Gas Helium : Fenomena ‘ajaib’ yang dikenal sebagai Superfluiditas telah berhasil menghantarkan sebuah Nobel Fisika bagi Anthony J. Leggett di tahun 2003 lalu. Pria Inggris yang mendapatkan gelar Doktor Fisika dari Oxford University pada tahun 1964 ini kini menjadi Profesor Fisika di Center for Advanced Study University of Illinois, Urbana-Champaign. Di mana sebenarnya letak ‘keajaiban’ fluida super yang telah menghadiahinya Nobel Fisika ini? Fluida apa yang berhak mendapat julukan Super ini?
Semuanya dimulai dengan ditemukannya sebuah unsur dalam spektrum cahaya matahari saat terjadi gerhana matahari total pada tahun 1868. Jules Janssen, seorang astronom dari Perancis, menemukan garis kuning dalam spektrum cahaya tersebut.
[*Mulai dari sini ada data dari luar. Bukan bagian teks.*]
(* Let $n,m\in\mathbb{N}$ be fixed. For all $X,Y\in \mathrm{IS}^{\mathrm{br}}_{n,m}$: $X \approx_{\mathrm{sa}} Y$ only if there exists an $l\in\mathbb{N}$ such that for all $b'_1,\ldots,b'_l\in\{0,1\}$ there exist $b''_1,\ldots,b''_l\in\{0,1\}$ such that for all $b_1,\ldots,b_n\in\{0,1\}$, writing $I=\{\mathrm{in}_i.\mathrm{BR}_{b_i}\mid 1\le i\le n\}$, $A'=\{\mathrm{aux}_i.\mathrm{BR}_{b'_i}\mid 1\le i\le l\}$, $A''=\{\mathrm{aux}_i.\mathrm{BR}_{b''_i}\mid 1\le i\le l\}$ and $O=\{\mathrm{out}_i.\mathrm{BR}_{0}\mid 1\le i\le m\}$: $$\mathrm{apply}(\mathrm{use}(|X|, I\cup A'),\,O)=\mathrm{apply}(\mathrm{use}(|Y|, I\cup A''),\,O)$$ and $$\mathrm{depth}\big(\mathrm{tuse}(\mathrm{tuse}(|X|, I\cup A'),\,O)\big)=\mathrm{depth}\big(\mathrm{tuse}(\mathrm{tuse}(|Y|, I\cup A''),\,O)\big).$$
   Context: Foci (register names) are $\mathrm{in}_i,\mathrm{aux}_i,\mathrm{out}_i$ for $i\ge1$; methods are $\mathrm{set}{:}0,\mathrm{set}{:}1,\mathrm{get}$. The basic instructions are $\mathrm{BI}_{n,m}=\{f.\mathrm{get}\mid f\in\{\mathrm{in}_1..\mathrm{in}_n\}\cup\{\mathrm{aux}_i\mid i\ge1\}\}\cup\{f.\mathrm{set}{:}b\mid f\in\{\mathrm{aux}_i\mid i\ge1\}\cup\{\mathrm{out}_1..\mathrm{out}_m\},b\in\{0,1\}\}$; $\mathrm{focus}(f.m)=f$. Primitive instructions: for $a\in\mathrm{BI}_{n,m}$ the plain instruction $a$, positive test $+a$, negative test $-a$; forward jumps $\#l$ ($l\in\mathbb{N}$); termination $!$. $\mathrm{IS}^{\mathrm{br}}_{n,m}$ is the set of finite nonempty sequences of primitive instructions, written $u_1;\dots;u_k$. Threads: finite terms built from $\mathsf{S}$ (termination), $\mathsf{D}$ (inaction) and postconditional composition $x\trianglelefteq a\trianglerighteq y$ for basic actions $a$, where basic actions are the $f.m$ and also the trace actions $\langle f.m\rangle r$ ($r\in\{0,1\}$); threads are equal iff syntactically equal; $a\circ x$ abbreviates $x\trianglelefteq a\trianglerighteq x$. $\mathrm{depth}(\mathsf S)=\mathrm{depth}(\mathsf D)=0$, $\mathrm{depth}(x\trianglelefteq a\trianglerighteq y)=\max(\mathrm{depth}(x),\mathrm{depth}(y))+1$. Thread extraction $|\cdot|$ ($u$ primitive, $X$ a nonempty sequence): $|a|=a\circ\mathsf D$, $|a;X|=a\circ|X|$, $|{+a}|=|{-a}|=a\circ\mathsf D$, $|{+a};X|=|X|\trianglelefteq a\trianglerighteq|\#2;X|$, $|{-a};X|=|\#2;X|\trianglelefteq a\trianglerighteq|X|$, $|\#l|=\mathsf D$, $|\#0;X|=\mathsf D$, $|\#1;X|=|X|$, $|\#(l+2);u|=\mathsf D$, $|\#(l+2);u;X|=|\#(l+1);X|$, $|!|=|!;X|=\mathsf S$. (Execution: tests run $a$ and skip the next instruction if the reply is $0$ for $+a$, $1$ for $-a$.) A register family $F$ is a finite set of pairs $f.\mathrm{BR}_b$ ($b\in\{0,1\}$, Boolean register named $f$ with content $b$) with pairwise distinct foci; $\emptyset$ is the empty family. Processing method $m$ on $\mathrm{BR}_b$: $\mathrm{set}{:}c$ gives reply $c$ and new content $c$; $\mathrm{get}$ gives reply $b$ and leaves content $b$. If $f.\mathrm{BR}_b\in F$ and $m$ yields reply $r$ and new content $b'$, let $F'$ be $F$ with $f.\mathrm{BR}_b$ replaced by $f.\mathrm{BR}_{b'}$. Abstracting use: $\mathrm{use}(\mathsf S,F)=\mathsf S$, $\mathrm{use}(\mathsf D,F)=\mathsf D$; if $f$ is not a focus in $F$, $\mathrm{use}(x\trianglelefteq f.m\trianglerighteq y,F)=\mathrm{use}(x,F)\trianglelefteq f.m\trianglerighteq\mathrm{use}(y,F)$; otherwise it equals $\mathrm{use}(x,F')$ if $r=1$ and $\mathrm{use}(y,F')$ if $r=0$; $\mathrm{use}(x\trianglelefteq\langle f.m\rangle r\trianglerighteq y,F)=\langle f.m\rangle r\circ\mathrm{use}(x,F)$. Apply (result is a register family): $\mathrm{apply}(\mathsf S,F)=F$, $\mathrm{apply}(\mathsf D,F)=\emptyset$; if $f$ not a focus in $F$, $\mathrm{apply}(x\trianglelefteq f.m\trianglerighteq y,F)=\emptyset$; otherwise it equals $\mathrm{apply}(x,F')$ if $r=1$, $\mathrm{apply}(y,F')$ if $r=0$; $\mathrm{apply}(x\trianglelefteq\langle f.m\rangle r\trianglerighteq y,F)=\mathrm{apply}(x,F)$. Tracking use: $\mathrm{tuse}(\mathsf S,F)=\mathsf S$, $\mathrm{tuse}(\mathsf D,F)=\mathsf D$; if $f$ not a focus in $F$, $\mathrm{tuse}(x\trianglelefteq f.m\trianglerighteq y,F)=\mathrm{tuse}(x,F)\trianglelefteq f.m\trianglerighteq\mathrm{tuse}(y,F)$; otherwise it equals $\langle f.m\rangle 1\circ\mathrm{tuse}(x,F')$ if $r=1$ and $\langle f.m\rangle 0\circ\mathrm{tuse}(y,F')$ if $r=0$; $\mathrm{tuse}(x\trianglelefteq\langle f.m\rangle r\trianglerighteq y,F)=\langle f.m\rangle r\circ\mathrm{tuse}(x,F)$. Equivalences on $\mathrm{IS}^{\mathrm{br}}_{n,m}$: (i) $X\approx_{\mathrm b}Y$ iff $|X|=|Y|$. (ii) $X\approx_{\mathrm x}Y$ iff $Y=\chi_I(X)$ for some finite $I\subset\mathbb{N}_{>0}$, where $\chi_I$ acts instruction-wise: for $f=\mathrm{aux}_i$ with $i\in I$, $f.m\mapsto f.\chi''(m)$, $+f.m\mapsto -f.\chi''(m)$, $-f.m\mapsto +f.\chi''(m)$, with $\chi''$ swapping $\mathrm{set}{:}0$ and $\mathrm{set}{:}1$ and fixing $\mathrm{get}$; all other instructions unchanged. (iii) $X\approx_{\mathrm r}Y$ iff $Y=\rho_r(X)$ for some bijection $r$ of $\mathbb{N}_{>0}$, where $\rho_r$ replaces instruction-wise every focus $\mathrm{aux}_i$ by $\mathrm{aux}_{r(i)}$ (in plain, positive and negative test instructions) and leaves everything else unchanged. (iv) $X\approx_{\mathrm t}Y$ iff $|X|\approx'_{\mathrm t}|Y|$, where $\approx'_{\mathrm t}$ is the smallest relation on finite threads over $\mathrm{BI}_{n,m}$ such that: if $\mathrm{focus}(a)\ne\mathrm{focus}(b)$ then $(x\trianglelefteq b\trianglerighteq y)\trianglelefteq a\trianglerighteq(x'\trianglelefteq b\trianglerighteq y')\approx'_{\mathrm t}(x\trianglelefteq a\trianglerighteq x')\trianglelefteq b\trianglerighteq(y\trianglelefteq a\trianglerighteq y')$; it is reflexive and transitive; and $x\approx'_{\mathrm t}x'$, $y\approx'_{\mathrm t}y'$ imply $x\trianglelefteq a\trianglerighteq y\approx'_{\mathrm t}x'\trianglelefteq a\trianglerighteq y'$. The structural algorithmic equivalence $\approx_{\mathrm{sa}}$ is the smallest relation containing $\approx_{\mathrm b},\approx_{\mathrm x},\approx_{\mathrm r},\approx_{\mathrm t}$ and closed under transitivity. *)

From Stdlib Require Import Arith List Bool.
Import ListNotations.

(* Register indices are natural numbers; only indices >= 1 are meaningful
   (in_i, aux_i, out_i for i >= 1), enforced by [basic_ok] below. *)
Inductive focus : Type :=
| In  (i : nat)
| Aux (i : nat)
| Out (i : nat).

Definition focus_eq_dec (f g : focus) : {f = g} + {f <> g}.
Proof. decide equality; apply Nat.eq_dec. Defined.

(* set:b (b = false is set:0, b = true is set:1) and get *)
Inductive method : Type :=
| MSet (b : bool)
| MGet.

Definition basic_ok (n m : nat) (f : focus) (meth : method) : Prop :=
  match f, meth with
  | In i,  MGet    => 1 <= i <= n
  | In _,  MSet _  => False
  | Aux i, _       => 1 <= i
  | Out i, MSet _  => 1 <= i <= m
  | Out _, MGet    => False
  end.

Inductive instr : Type :=
| Plain (f : focus) (meth : method)
| PTest (f : focus) (meth : method)
| NTest (f : focus) (meth : method)
| Jump  (l : nat)
| Term.

Definition instr_ok (n m : nat) (u : instr) : Prop :=
  match u with
  | Plain f meth | PTest f meth | NTest f meth => basic_ok n m f meth
  | Jump _ | Term => True
  end.

Definition IS (n m : nat) (X : list instr) : Prop :=
  X <> [] /\ Forall (instr_ok n m) X.

Inductive action : Type :=
| Act   (f : focus) (meth : method)
| Trace (f : focus) (meth : method) (r : bool).

Inductive thread : Type :=
| TS                                       (* S : termination *)
| TD                                       (* D : inaction    *)
| Pc (x : thread) (a : action) (y : thread).

Definition pre (a : action) (x : thread) : thread := Pc x a x.

Fixpoint depth (x : thread) : nat :=
  match x with
  | TS | TD => 0
  | Pc x _ y => Nat.max (depth x) (depth y) + 1
  end.

(* [ext X] = |X| for nonempty X ([ext []] is an unused default).
   The local function [jmp l Y] computes |#l;Y| following the equations
   |#0;Y| = D, |#1;Y| = |Y|, |#(l+2);u| = D, |#(l+2);u;Y| = |#(l+1);Y|,
   and |#l| = D (case Y = []). *)
Fixpoint ext (X : list instr) : thread :=
  match X with
  | [] => TD
  | u :: X' =>
    let fix jmp (l : nat) (Y : list instr) {struct Y} : thread :=
      match Y with
      | [] => TD
      | v :: Y' =>
        match l with
        | 0 => TD
        | 1 => ext Y
        | S (S l') => jmp (S l') Y'
        end
      end in
    match u with
    | Plain f meth =>
        match X' with [] => pre (Act f meth) TD | _ => pre (Act f meth) (ext X') end
    | PTest f meth =>
        match X' with [] => pre (Act f meth) TD
                    | _ => Pc (ext X') (Act f meth) (jmp 2 X') end
    | NTest f meth =>
        match X' with [] => pre (Act f meth) TD
                    | _ => Pc (jmp 2 X') (Act f meth) (ext X') end
    | Jump l => jmp l X'
    | Term => TS
    end
  end.

(* A register family is represented by the partial map sending a focus f to
   [Some b] iff f.BR_b is in the family (foci are pairwise distinct, so this
   is a faithful representation); the empty family maps everything to None.
   Equality of families is equality of these maps. *)
Definition regfam := focus -> option bool.

Definition empty_fam : regfam := fun _ => None.

Definition upd (F : regfam) (f : focus) (b : bool) : regfam :=
  fun g => if focus_eq_dec g f then Some b else F g.

(* processing a method on BR_b: (reply, new content) *)
Definition proc (meth : method) (b : bool) : bool * bool :=
  match meth with
  | MSet c => (c, c)
  | MGet => (b, b)
  end.

Fixpoint use (x : thread) (F : regfam) : thread :=
  match x with
  | TS => TS
  | TD => TD
  | Pc x (Act f meth) y =>
      match F f with
      | None => Pc (use x F) (Act f meth) (use y F)
      | Some b =>
          let (r, b') := proc meth b in
          if r then use x (upd F f b') else use y (upd F f b')
      end
  | Pc x (Trace f meth r) _ => pre (Trace f meth r) (use x F)
  end.

Fixpoint apply (x : thread) (F : regfam) : regfam :=
  match x with
  | TS => F
  | TD => empty_fam
  | Pc x (Act f meth) y =>
      match F f with
      | None => empty_fam
      | Some b =>
          let (r, b') := proc meth b in
          if r then apply x (upd F f b') else apply y (upd F f b')
      end
  | Pc x (Trace _ _ _) _ => apply x F
  end.

Fixpoint tuse (x : thread) (F : regfam) : thread :=
  match x with
  | TS => TS
  | TD => TD
  | Pc x (Act f meth) y =>
      match F f with
      | None => Pc (tuse x F) (Act f meth) (tuse y F)
      | Some b =>
          let (r, b') := proc meth b in
          if r then pre (Trace f meth true) (tuse x (upd F f b'))
          else pre (Trace f meth false) (tuse y (upd F f b'))
      end
  | Pc x (Trace f meth r) _ => pre (Trace f meth r) (tuse x F)
  end.

Definition swap_set (meth : method) : method :=
  match meth with MSet b => MSet (negb b) | MGet => MGet end.

Definition chi_instr (I : list nat) (u : instr) : instr :=
  match u with
  | Plain (Aux i) meth => if in_dec Nat.eq_dec i I then Plain (Aux i) (swap_set meth) else u
  | PTest (Aux i) meth => if in_dec Nat.eq_dec i I then NTest (Aux i) (swap_set meth) else u
  | NTest (Aux i) meth => if in_dec Nat.eq_dec i I then PTest (Aux i) (swap_set meth) else u
  | _ => u
  end.

Definition chi (I : list nat) (X : list instr) : list instr := map (chi_instr I) X.

Definition rho_focus (r : nat -> nat) (f : focus) : focus :=
  match f with Aux i => Aux (r i) | _ => f end.

Definition rho_instr (r : nat -> nat) (u : instr) : instr :=
  match u with
  | Plain f meth => Plain (rho_focus r f) meth
  | PTest f meth => PTest (rho_focus r f) meth
  | NTest f meth => NTest (rho_focus r f) meth
  | _ => u
  end.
Garis kuning itu menunjukkan adanya radiasi yang berasal dari unsur kimia yang belum pernah ditemukan sebelumnya di bumi. Joseph Norman Lockyer memberi nama unsur tersebut Helium, dari kata Helios yang berarti matahari (Bahasa Yunani). Pada tahun 1895 Helium ditemukan untuk pertama kalinya di bumi oleh William Ramsay (dalam sisa-sisa peluruhan radioaktif uranium). Helium ditemukan juga dalam jumlah besar di sumur-sumur gas di Amerika Serikat.
Ada satu sifat unik helium yang menarik untuk diteliti. Gas helium tidak mudah berubah fasa menjadi cair. Ini berarti titik didihnya sangat rendah sehingga sangat berguna untuk dijadikan cairan pendingin. Banyak peneliti terkenal berlomba-lomba mencairkan helium. Helium berhasil dicairkan untuk pertama kalinya di University of Leiden, Belanda, oleh Heike Kamerlingh Onnes pada tahun 1908. Onnes menemukan bahwa titik didih normal helium adalah 4,2 K (sekitar –268,9oC).
Jika helium cair ini terus didinginkan ternyata cairan helium ini tetap tidak membeku bahkan pada suhu 1 K. Pada tekanan atmosfer helium cair bahkan tetap berada dalam fasa cair walaupun sudah mencapai suhu sangat dekat dengan 0 K (minus 273,15 derajat celcius). Hal ini disebabkan karena massa atom helium yang sangat kecil dan karena interaksi antar atom-atom helium ini sangat lemah.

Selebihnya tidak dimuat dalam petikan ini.